How To Write A Radio Play

The art of auditory presentation is a throwback to the bygone days, and it is too sad that such a subtle and tasteful and provocative manner of entertainment is fast on the track of extinction in this generation who milks technology for all it's worth. How to write a radio play is never easy, for example; since it lacks the shock and awe factor (and all the visual brouhaha television shows and internet videos have) it has always needed that extra panache for it to bring in the appreciative audience.

How To Write A Radio Play

Of course that panache creeps into the least expected, but most susceptible receptacle: the human imagination. Since it could actually afford the subtle air of mystery and the irresistible balance between spooky and delicious, the one ace that a radio play could actually bank on would be on how powerful it could wield the human psyche. Quite appropriately so, it would be, since most of the themes of radio plays dwell on enigma, detective "whodunit" stories, mystery theaters, and others of such genre.

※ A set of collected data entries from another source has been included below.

Section pde.
Variables (R : realType) (d : nat) (alpha : 'I_d -> 'I_d -> 'I_d -> R).
Variables (phi : 'cV[R]_d -> R) (U : set 'cV[R]_d).
Local Notation V := 'cV[R]_d.
Local Notation Acomb := (Acomb alpha).
Hypotheses (alphaC12 : forall i j k, alpha i j k = alpha j i k)
           (alphaC23 : forall i j k, alpha i j k = alpha i k j)
           (oU : open U) (phiC2 : C2_on U phi)
           (phi_pde : forall x, U x -> forall i : 'I_d, partial phi i x =
              \sum_(j < d) \sum_(k < d) alpha i j k * x j 0 * partial phi k x + x i 0 * phi x).

Definition grad y : V := \col_k partial phi k y.
Definition hessian y : 'M[R]_d := \matrix_(i, j) partial (partial phi i) j y.

Lemma grad_eq y : U y -> grad y = Acomb y *m grad y + phi y *: y.
Proof.
move=> Uy; apply/matrixP => i c; rewrite (ord1 c) [in RHS]mxE mulmx_AcombE !mxE phi_pde //.
by rewrite mulrC; congr (_ + _); apply: eq_bigr => j _; apply: eq_bigr => k _; rewrite mxE.
Qed.

Lemma hessian_sym y : U y -> (hessian y)^T = hessian y.
Proof.
move=> Uy; apply/matrixP => i j; rewrite !mxE.
have [_ _ _ _ c2] := phiC2 Uy.
apply: schwarz oU Uy _ (c2 j i) (c2 i j) => z /phiC2[_ dphi _ dpartial _].
by split; [exact: dphi | exact: dphi | exact: dpartial | exact: dpartial].
Qed.
(* Let $q$ be a power of $2$, let $f\in\mathbb{F}_q[x]$ be monic of degree $m\ge1$, and let $h(x)=x^mf(x+x^{-1})$. Then $1$ is a root of $h$ if and only if $f(0)=0$, and in that case this root of $h$ has multiplicity two if and only if $0$ has multiplicity one as a root of $f$. All roots of $h$ different from $1$ are simple if and only if all roots of $f$ different from $0$ are simple. *)

From mathcomp Require Import all_boot all_order all_algebra all_field.
Set Implicit Arguments. Unset Strict Implicit. Unset Printing Implicit Defensive.
Import GRing.Theory.
Local Open Scope ring_scope.

(* h(x) = x^m f(x + x^{-1}) with m = deg f, written as a polynomial:
   x^m * sum_i f_i (x + 1/x)^i = sum_i f_i x^(m-i) (x^2+1)^i. *)
Definition recip_transform (F : fieldType) (f : {poly F}) : {poly F} :=
  \sum_(i < size f) f`_i *: ('X^((size f).-1 - i) * ('X^2 + 1) ^+ i).

From mathcomp Require Import all_boot all_order all_algebra all_field.
From mathcomp Require Import zify ring.
Set Implicit Arguments. Unset Strict Implicit.
Import GRing.Theory.
Local Open Scope ring_scope.

(* Over an algebraic closure write f = prod (X - y).  Then
   x^m f(x + 1/x) = prod (x^2 + 1 - y x), and in characteristic 2 the factor
   x^2 + 1 - y x is (x - 1)^2 when y = 0, and (x - z)(x - 1/z) with z != 1/z
   when y = z + 1/z != 0.  Hence 1 is a root of h of twice the multiplicity of
   0 in f, and any other root z of h has the multiplicity of z + 1/z in f;
   since z |-> z + 1/z maps the complement of {0, 1} onto the complement of
   {0} (and 0 is never a root of h), simplicity transfers both ways. *)

Section RecipTransform.
Variable R : comNzRingType.
Implicit Types (p : {poly R}) (c : R).

Definition recip_transformn n p : {poly R} :=
  \sum_(i < n.+1) p`_i *: ('X^(n - i) * ('X^2 + 1) ^+ i).

(* The image x^2 + 1 - c x = x ((x + 1/x) - c) of the linear factor X - c. *)
Definition recip_factor c : {poly R} := 'X^2 + 1 - c *: 'X.

Lemma recip_transformnM_XsubC n p c : (size p <= n.+1)%N ->
  recip_transformn n.+1 (p * ('X - c%:P)) =
  recip_factor c * recip_transformn n p.
Proof.
move=> size_p; rewrite /recip_transformn.
have coefM_XsubC i : (p * ('X - c%:P))`_i = (p * 'X)`_i - c * p`_i.
  by rewrite mulrBr coefB coefMC [_ * c]mulrC.
under eq_bigr do rewrite coefM_XsubC scalerBl.
rewrite sumrB big_ord_recl coefMX eqxx scale0r add0r.
rewrite [X in _ - X]big_ord_recr /= [p`_n.+1]nth_default // mulr0 scale0r addr0.
rewrite /recip_factor mulrBl !mulr_sumr; congr (_ - _); apply: eq_bigr => i _.
  by rewrite coefMX /= subSS -scalerAr mulrCA -exprS.
by rewrite subSn ?leq_ord // exprS -scalerA -!scalerAl -scalerAr mulrA.
Qed.

Lemma recip_transformnM_prod_XsubC n p (r : seq R) : (size p <= n.+1)%N ->
  recip_transformn (n + size r) (p * \prod_(y <- r) ('X - y%:P)) =
  \prod_(y <- r) recip_factor y * recip_transformn n p.
Proof.
move=> size_p; elim: r => [|y r IHr].
  by rewrite !big_nil addn0 !mulr1 mul1r.
have size_pr : (size (p * \prod_(z <- r) ('X - z%:P))%R <= (n + size r).+1)%N.
  by apply: (leq_trans (size_polyMleq _ _)); rewrite size_prod_XsubC; lia.
rewrite !big_cons /= addnS mulrCA mulrC recip_transformnM_XsubC // IHr.
by rewrite mulrA.
Qed.

Lemma recip_transformn_prod_XsubC (r : seq R) :
  recip_transformn (size r) (\prod_(y <- r) ('X - y%:P)) =
  \prod_(y <- r) recip_factor y.
Proof.
rewrite -[size r]add0n -[\prod_(y <- r) _]mul1r recip_transformnM_prod_XsubC.
  by rewrite /recip_transformn big_ord1 coef1 expr0 mulr1 scale1r mulr1.
by rewrite size_poly1.
Qed.

Lemma recip_transformnMXn n p k : (size p <= n.+1)%N ->
  recip_transformn (n + k) (p * 'X^k) = ('X^2 + 1) ^+ k * recip_transformn n p.
Proof.
have prod_nseq0 (F : R -> {poly R}) : \prod_(y <- nseq k 0) F y = F 0 ^+ k.
  by rewrite big_nseq; elim: k => //= k ->; rewrite exprS.
move=> size_p; rewrite -[k in (n + k)%N](size_nseq k (0 : R)).
have -> : 'X^k = \prod_(y <- nseq k 0) ('X - y%:P) :> {poly R}.
  by rewrite prod_nseq0 polyC0 subr0.
rewrite recip_transformnM_prod_XsubC // prod_nseq0.
by rewrite /recip_factor scale0r subr0.
Qed.

Lemma horner1_recip_transformn n p : (size p <= n.+1)%N ->
  (recip_transformn n p).[1] = p.[2%:R].
Proof.
move=> size_p; rewrite (horner_coef_wide _ size_p) horner_sum.
apply: eq_bigr => i _.
rewrite hornerZ hornerM !horner_exp hornerD hornerXn hornerX hornerC.
by rewrite !expr1n mul1r.
Qed.

Lemma size_recip_factor c : size (recip_factor c) = 3%N.
Proof.
rewrite /recip_factor -addrA size_polyDl size_polyXn //.
rewrite (leq_ltn_trans (size_polyD _ _)) // size_poly1 size_polyN gtn_max /=.
by rewrite (leq_ltn_trans (size_scale_leq _ _)) // size_polyX.
Qed.

Lemma recip_factor_neq0 c : recip_factor c != 0.
Proof. by rewrite -size_poly_eq0 size_recip_factor. Qed.

Lemma horner0_recip_factor c : (recip_factor c).[0] = 1.
Proof. by rewrite /recip_factor !hornerE expr0n add0r subr0. Qed.

End RecipTransform.

Lemma recip_transformE (F : fieldType) (f : {poly F}) :
  recip_transform f = recip_transformn (size f).-1 f.
Proof.
have [->|f0] := eqVneq f 0.
  rewrite /recip_transform /recip_transformn size_poly0 big_ord0 big_ord1.
  by rewrite coef0 scale0r.
by rewrite /recip_transform /recip_transformn prednK // lt0n size_poly_eq0.
Qed.

Lemma map_recip_transform (F L : fieldType) (iota : {rmorphism F -> L})
    (f : {poly F}) :
  map_poly iota (recip_transform f) = recip_transform (map_poly iota f).
Proof.
rewrite /recip_transform size_map_poly rmorph_sum; apply: eq_bigr => i _.
rewrite /= map_polyZ rmorphM !rmorphXn /= rmorphD /= map_polyXn rmorph1.
by rewrite map_polyX coef_map.
Qed.

Lemma sqrrB1_pchar2 (R : nzRingType) (x : R) : 2%N \in [pchar R] ->
  (x - 1) ^+ 2 = x ^+ 2 + 1.
Proof. by move=> pchar2; rewrite sqrrB1 mulr2n addrr_pchar2 // subr0. Qed.

Section RecipTransformField.
Variable F : fieldType.
Implicit Types (y z : F).

Lemma horner_recip_factor y z : z != 0 ->
  (recip_factor y).[z] = z * (z + z^-1 - y).
Proof. by move=> z0; rewrite /recip_factor !hornerE; field. Qed.

Lemma recip_factor_addfV z : z != 0 ->
  recip_factor (z + z^-1) = ('X - z%:P) * ('X - z^-1%:P).
Proof.
move=> z0; rewrite /recip_factor -[1 in LHS]polyC1 -(mulfV z0) polyCM.
by rewrite -mul_polyC polyCD; ring.
Qed.

Hypothesis pchar2 : 2%N \in [pchar F].

Lemma pchar2_sqrf_eq1 z : (z ^+ 2 == 1) = (z == 1).
Proof.
by rewrite -subr_eq0 oppr_pchar2 // -sqrrB1_pchar2 // expf_eq0 /= subr_eq0.
Qed.

Lemma pchar2_invf_eq z : z != 0 -> (z^-1 == z) = (z == 1).
Proof.
move=> z0; rewrite -(inj_eq (mulfI z0)) mulfV // eq_sym -expr2.
exact: pchar2_sqrf_eq1.
Qed.

Lemma pchar2_addfV_eq0 z : z != 0 -> (z + z^-1 == 0) = (z == 1).
Proof. by move=> z0; rewrite addr_eq0 oppr_pchar2 // eq_sym pchar2_invf_eq. Qed.

Lemma mup_recip_factor y z : z != 0 -> z != 1 ->
  mup z (recip_factor y) = (y == z + z^-1) :> nat.
Proof.
move=> z0 z1; have [->|yNz] := eqVneq y (z + z^-1); last first.
  rewrite mupNroot // /root horner_recip_factor // mulf_eq0 (negbTE z0).
  by rewrite subr_eq0 eq_sym.
have -> : recip_factor (z + z^-1) = \prod_(w <- [:: z; z^-1]) ('X - w%:P).
  by rewrite big_cons big_seq1 recip_factor_addfV.
by rewrite mu_prod_XsubC /= eqxx pchar2_invf_eq // (negbTE z1).
Qed.

Lemma mup_prod_recip_factor (r : seq F) z : z != 0 -> z != 1 ->
  mup z (\prod_(y <- r) recip_factor y) = count_mem (z + z^-1) r.
Proof.
move=> z0 z1; elim: r => [|y r IHr]; first by rewrite big_nil mupNroot ?root1.
rewrite big_cons mupM ?recip_factor_neq0 ?mup_recip_factor ?IHr //.
by rewrite prodf_seq_neq0; apply/allP => x _; rewrite recip_factor_neq0.
Qed.

Lemma horner1_recip_transform (f : {poly F}) :
  (recip_transform f).[1] = f.[0].
Proof.
by rewrite recip_transformE horner1_recip_transformn ?leqSpred // pcharf0.
Qed.

Lemma mup1_recip_transform (f : {poly F}) : f != 0 ->
  mup 1 (recip_transform f) = (mup 0 f).*2.
Proof.
move=> f0; have [k [g /implyP/(_ f0) g0 ef]] := multiplicity_XsubC f 0.
have g_neq0 : g != 0 by apply: contraNneq g0 => ->; rewrite root0.
have -> : mup 0 f = k by rewrite ef mupMr // mup_XsubCX eqxx.
have size_gXk : (size (g * 'X^k)).-1 = ((size g).-1 + k)%N.
  by rewrite size_mulXn //; have := size_poly_gt0 g; rewrite g_neq0; lia.
rewrite recip_transformE ef polyC0 subr0 size_gXk.
rewrite recip_transformnMXn ?leqSpred //.
have pchar2_poly : 2%N \in [pchar {poly F}] by rewrite pchar_poly.
rewrite -sqrrB1_pchar2 // -exprM -polyC1 mupMl ?mup_XsubCX ?eqxx ?mul2n //.
by rewrite /root horner1_recip_transformn ?leqSpred // pcharf0 // -horner_coef0.
Qed.

End RecipTransformField.

Lemma closed_field_addfV (L : closedFieldType) (y : L) :
  exists2 z, z != 0 & y = z + z^-1.
Proof.
have [z rz] : exists z, root (recip_factor y) z.
  by apply/closed_rootP; rewrite size_recip_factor.
have z0 : z != 0.
  by apply: contraTneq rz => ->; rewrite /root horner0_recip_factor oner_eq0.
exists z => //; move: rz.
by rewrite /root horner_recip_factor // mulf_eq0 (negbTE z0) subr_eq0 => /eqP.
Qed.

Lemma mup_leq1_roots (F : fieldType) (p : {poly F}) (P : pred F) : p != 0 ->
  (forall z, P z -> root p z -> mup z p = 1%N) <->
  (forall z, P z -> (mup z p <= 1)%N).
Proof.
move=> p0; have rootE z : root p z = (0 < mup z p)%N.
  by rewrite -XsubC_dvd // dvdp_XsubCl.
split=> simple z Pz; last by rewrite rootE => mup_gt0; have := simple z Pz; lia.
by move: (simple z Pz); rewrite rootE; case: (mup z p) => [|n] // /(_ isT) ->.
Qed.

Lemma recip_transform_simple_roots (L : closedFieldType)
    (pchar2 : 2%N \in [pchar L]) (g : {poly L}) : g \is monic ->
  (forall z, z != 1 -> root (recip_transform g) z ->
     mup z (recip_transform g) = 1%N) <->
  (forall y, y != 0 -> root g y -> mup y g = 1%N).
Proof.
move=> g_monic; have [r g_prod] := closed_field_poly_normal g.
rewrite (monicP g_monic) scale1r in g_prod.
have h_prod : recip_transform g = \prod_(y <- r) recip_factor y.
  rewrite recip_transformE g_prod size_prod_XsubC.
  exact: recip_transformn_prod_XsubC.
have h_neq0 : recip_transform g != 0.
  rewrite h_prod prodf_seq_neq0.
  by apply/allP => y _; rewrite recip_factor_neq0.
rewrite (mup_leq1_roots (fun z => z != 1) h_neq0).
rewrite (mup_leq1_roots (fun y => y != 0) (monic_neq0 g_monic)).
rewrite h_prod g_prod; split=> simple y.
  have [z z0 ->] := closed_field_addfV y; rewrite pchar2_addfV_eq0 // => z1.
  by rewrite mu_prod_XsubC -mup_prod_recip_factor //; apply: simple.
move=> y1; have [->|y0] := eqVneq y 0.
  rewrite mupNroot // /root horner_prod big1_seq ?oner_eq0 // => x _.
  exact: horner0_recip_factor.
rewrite mup_prod_recip_factor // -mu_prod_XsubC; apply: simple.
by rewrite pchar2_addfV_eq0.
Qed.

Theorem lemma2p12 (F : finFieldType) (hchar : 2%N \in [pchar F])
    (f : {poly F}) (hmon : f \is monic) (hdeg : (1 <= (size f).-1)%N) :
  let h := recip_transform f in
  (root h 1 <-> f.[0] = 0) /\
  (f.[0] = 0 -> (mup 1 h = 2%N <-> mup 0 f = 1%N)) /\
  (forall (L : closedFieldType) (iota : {rmorphism F -> L}),
     (forall z : L, z != 1 -> root (map_poly iota h) z ->
        mup z (map_poly iota h) = 1%N) <->
     (forall y : L, y != 0 -> root (map_poly iota f) y ->
        mup y (map_poly iota f) = 1%N)).
Proof.
move=> h; have f0 := monic_neq0 hmon.
split; first by rewrite /root horner1_recip_transform //; split=> /eqP.
split; first by move=> _; rewrite mup1_recip_transform //; split; lia.
move=> L iota; rewrite map_recip_transform.
apply: recip_transform_simple_roots; last by rewrite map_monic.
exact: (rmorph_pchar iota).
Qed.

For those among you who would like to revisit, rekindle, and resurrect the art of Radio Theater, it may do well to remember the following:

  1. Utilizing auditory cues such as sound effects (rustling of fabrics, whisper of wind, tap-tapping of steps on a wooden floor), and moody, haunting strains of music (harmonious or discordant, whatever is required by the moment) can have a huge bearing on the affectivity of the play. And since this is perhaps one of the only few whose sensory receptacle cannot be stopped (it is proven that auditory stimuli cannot be blocked), this proves to be mighty impressive as well.
  2. Inasmuch as auditory effects move and drive Radio Theater, imagination is a key element as well. Word associations play and tickle not just the most visceral of an audience's psychological elements, they unconsciously put people before their worst-encountered nightmares. If the radio theater mentions "monster" there is no actual description of how the monster looks like, it leaves to the audience's thoughts - and therefore, fears - how it would look like.

Hence, it must be remembered that Radio Theater is a theater of the mind's eye. To make things as subtle without making it seem haphazard is actually a difficult job (how about the setting, the characterization?), but it could be done, provided that there is great consideration about the balance, the play of both sound and mind, to wreak that bygone, wonderful havoc of art.